Kurds claim responsibility for Azeri oil pipeline attack

08.08.08


The Kurdistan Workers' Party (PKK) have claimed responsibility for sabotaging the Baku-Tbilisi-Ceyhan (BTC) pipeline near the town of Refahiye in eastern Turkey on Tuesday 5 August which has helped push up oil prices due to concerns over the security of the supply route.

It is the first blast ever reported on the £2.1bn supply route, which carries more than 1 per cent of the world's oil supply from Azerbaijan through Georgia and on to the Turkish Mediterranean coast.

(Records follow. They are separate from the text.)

(* Let $D$ be a connected oriented virtual singular link diagram with $k$ components, and let $S_0$ be the state of $D$ obtained by applying the oriented resolution at every classical and singular crossing of $D$. Then $\overline{R}(S_0)\in\mathbb{Z}[A^4,A^{-4}]\cdot A^{2k}$.
   Context: An oriented virtual singular link diagram is a generic immersion of finitely many oriented circles (its components) into $\mathbb{R}^2$ with finitely many transverse double points, each decorated as a classical crossing (with over/under information and the usual sign $\pm1$), a singular crossing, or a virtual crossing. The diagram is connected if it is not a disjoint union of two nonempty diagrams (i.e., its image in the plane is connected). At a classical or singular crossing, the oriented resolution replaces it by two disjoint arcs respecting orientation; the disoriented resolution replaces it by one arc joining the two incoming ends with a sink bivalent vertex and one arc joining the two outgoing ends with a source bivalent vertex. Virtual crossings are kept. A state $S$ of $D$ is a choice of resolution at every classical and singular crossing; it is a collection of immersed closed curves (all intersections virtual). $\|S\|$ = number of closed curves of $S$; $a(S)$ = #(negative classical crossings with oriented resolution) $-$ #(positive classical crossings with oriented resolution); $b(S)$ the same for disoriented resolutions; $\alpha(S),\beta(S)$ = numbers of singular crossings with oriented, resp. disoriented, resolution. The weighted state contribution is $\overline{R}(S)=A^{2a(S)+4b(S)}(-A^2-A^{-2})^{\alpha(S)+\|S\|}(-A^4-A^{-4})^{\beta(S)}h^{\frac{1-i(S)}{2}}$, where $i(S)\in\{\pm1\}$ is the parity of $S$: choosing a map $\tau$ from the edges of $S$ (arcs between consecutive bivalent vertices; a closed curve without vertices is one edge) to $\{\pm1\}$ with different values on edges sharing a vertex, $i(S)$ is the product over all virtual crossings $v$ of $\tau(e)\tau(e')$, where $e,e'$ are the edges meeting at $v$ (independent of $\tau$). (For $S_0$, which has no bivalent vertices, $i(S_0)=1$.) *)

From HB Require Import structures.
From mathcomp Require Import all_boot all_order all_fingroup all_algebra.

Set Implicit Arguments.
Unset Strict Implicit.
Unset Printing Implicit Defensive.

Import Order.TTheory GRing.Theory Num.Theory.

(* At each crossing two strands pass; they are labelled by a bool.  A        *)
(* "passage" (c, s) is the passage of the link through crossing c along      *)
(* strand s.  nextp (c, s) is the passage reached next when one leaves c     *)
(* along strand s following the orientation (a permutation of passages).     *)
(* nfree is the number of components carrying no crossing at all.           *)
(* The plane immersion is encoded by a rotation system: a dart (c, s, o) is  *)
(* the half-edge at c of strand s, outgoing if o = true, incoming otherwise. *)
(* rot c = true means the counterclockwise order of darts around c is        *)
(*   in_false, in_true, out_false, out_true                                  *)
(* and rot c = false means it is in_false, out_true, out_false, in_true      *)
(* (transversality: the two darts of one strand are opposite).               *)

Inductive ckind := Classical of bool (* the over strand *) | Singular | Virtual.

Unset Implicit Arguments.
Record vsdiagram := VSDiagram {
  ncross : nat;
  kind : 'I_ncross -> ckind;
  nextp : {perm ('I_ncross * bool)};
  rot : 'I_ncross -> bool;
  nfree : nat
}.

Set Implicit Arguments.

Definition dart (D : vsdiagram) := ('I_(ncross D) * bool * bool)%type.

Definition symc (T : Type) (r : rel T) : rel T := fun x y => r x y || r y x.

Section Diagram.
Variable D : vsdiagram.
Local Notation n := (ncross D).
Local Notation pass := ('I_n * bool)%type.

Definition ncomp : nat := n_comp (symc (frel (nextp D))) (@predT pass) + nfree D.

Definition cadj : rel 'I_n :=
  fun c c' => [exists s : bool, (nextp D (c, s)).1 == c'].

Definition connected_diagram : Prop :=
  if n == 0%N then is_true (nfree D <= 1)%N
  else (nfree D == 0%N) /\ forall c c' : 'I_n, connect (symc cadj) c c'.

Definition alpha (d : dart D) : dart D :=
  let: (c, s, o) := d in
  if o then let p := nextp D (c, s) in (p.1, p.2, false)
  else let p := ((nextp D)^-1)%g (c, s) in (p.1, p.2, true).

(* counterclockwise successor of a dart around its crossing *)
Definition sigma (d : dart D) : dart D :=
  let: (c, s, o) := d in
  if rot D c then (c, ~~ s, o (+) s) else (c, ~~ s, o (+) ~~ s).

Definition phi (d : dart D) : dart D := sigma (alpha d).

Definition nfaces : nat := n_comp (symc (frel phi)) (@predT (dart D)).

Definition ngraphcomp : nat := n_comp (symc cadj) (@predT 'I_n).

(* the rotation system is a plane embedding: Euler's formula V - E + F = 2 *)
(* on every connected component (V = n, E = 2n).                            *)
Definition planar : Prop := nfaces = (n + 2 * ngraphcomp)%N.

(* A state: st c = true means disoriented resolution at c, false oriented   *)
(* (the value is irrelevant at virtual crossings).                          *)
Definition is_virtual (c : 'I_n) : bool := if kind D c is Virtual then true else false.
Definition is_singular (c : 'I_n) : bool := if kind D c is Singular then true else false.
Definition is_classical (c : 'I_n) : bool := if kind D c is Classical _ then true else false.
Definition is_positive (c : 'I_n) : bool :=
  if kind D c is Classical o then rot D c != o else false.
Definition is_negative (c : 'I_n) : bool :=
  if kind D c is Classical o then rot D c == o else false.

Definition arc_rel : rel (dart D) := fun d d' =>
  [&& d.2, ~~ d'.2 & (d'.1 == nextp D d.1)].

(* junctions of the state at the crossings; the bool says whether the     *)
(* junction is a bivalent vertex (disoriented resolution)                 *)
Definition junction (st : 'I_n -> bool) (d d' : dart D) : bool :=
  let: (c, s, o) := d in let: (c', s', o') := d' in
  (c == c') &&
  (if is_virtual c then (s' == s) && ~~ o && o'
   else if st c then (o == o') && (s' == ~~ s)
   else (s' == ~~ s) && ~~ o && o').

Definition state_rel (st : 'I_n -> bool) : rel (dart D) :=
  symc (fun d d' => arc_rel d d' || junction st d d').

Definition ncurves (st : 'I_n -> bool) : nat :=
  n_comp (state_rel st) predT + nfree D.

Definition a_S (st : 'I_n -> bool) : int :=
  (#|[set c | is_negative c && ~~ st c]|%:Z - #|[set c | is_positive c && ~~ st c]|%:Z)%R.
Definition b_S (st : 'I_n -> bool) : int :=
  (#|[set c | is_negative c && st c]|%:Z - #|[set c | is_positive c && st c]|%:Z)%R.
Definition alpha_S (st : 'I_n -> bool) : nat := #|[set c | is_singular c && ~~ st c]|.
Definition beta_S (st : 'I_n -> bool) : nat := #|[set c | is_singular c && st c]|.

(* tau : an edge labelling (on darts) constant along edges of the state and *)
(* changing at every bivalent vertex                                        *)
Definition tau_ok (st : 'I_n -> bool) (tau : {ffun dart D -> bool}) : bool :=
  [forall d : dart D, forall d' : dart D,
     (arc_rel d d' ==> (tau d == tau d')) &&
     (junction st d d' ==>
        ((tau d != tau d') == (~~ is_virtual d.1.1 && st d.1.1)))].

(* i(S) = -1 : the product over virtual crossings of tau(e) tau(e') is -1 *)
Definition odd_parity (st : 'I_n -> bool) : bool :=
  [exists tau : {ffun dart D -> bool}, tau_ok st tau &&
     odd #|[set v | is_virtual v && (tau (v, false, false) != tau (v, true, false))]|].

End Diagram.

It is still unclear whether the explosion was accidental or caused by sabotage.

The BTC pipeline is 1,770km long and provides an alternative to the Russian transit network for Caspian crude oil, running from the Azeri capital of Baku, through the Georgian capital of Tbilisi, and on to Ceyhan in Turkey. Since the explosion, stocks at the oil depot in Ceyhan have been severely depleted and the pipeline's operators have stopped using reserves to load tankers at the port. Reports that the pipeline could be closed for up to a fortnight, along with the claim by the PKK, have added to supply concerns in the global oil market.

The explosion happened outside the PKK's usual area of operations in the mainly Kurdish south-east of Turkey, where it has been fighting the Turkish military since 1984 in a campaign for self rule. They have, however, also claimed responsibility for a pipeline attack in March of this year that stopped the export of natural gas from Iran to Turkey for five days.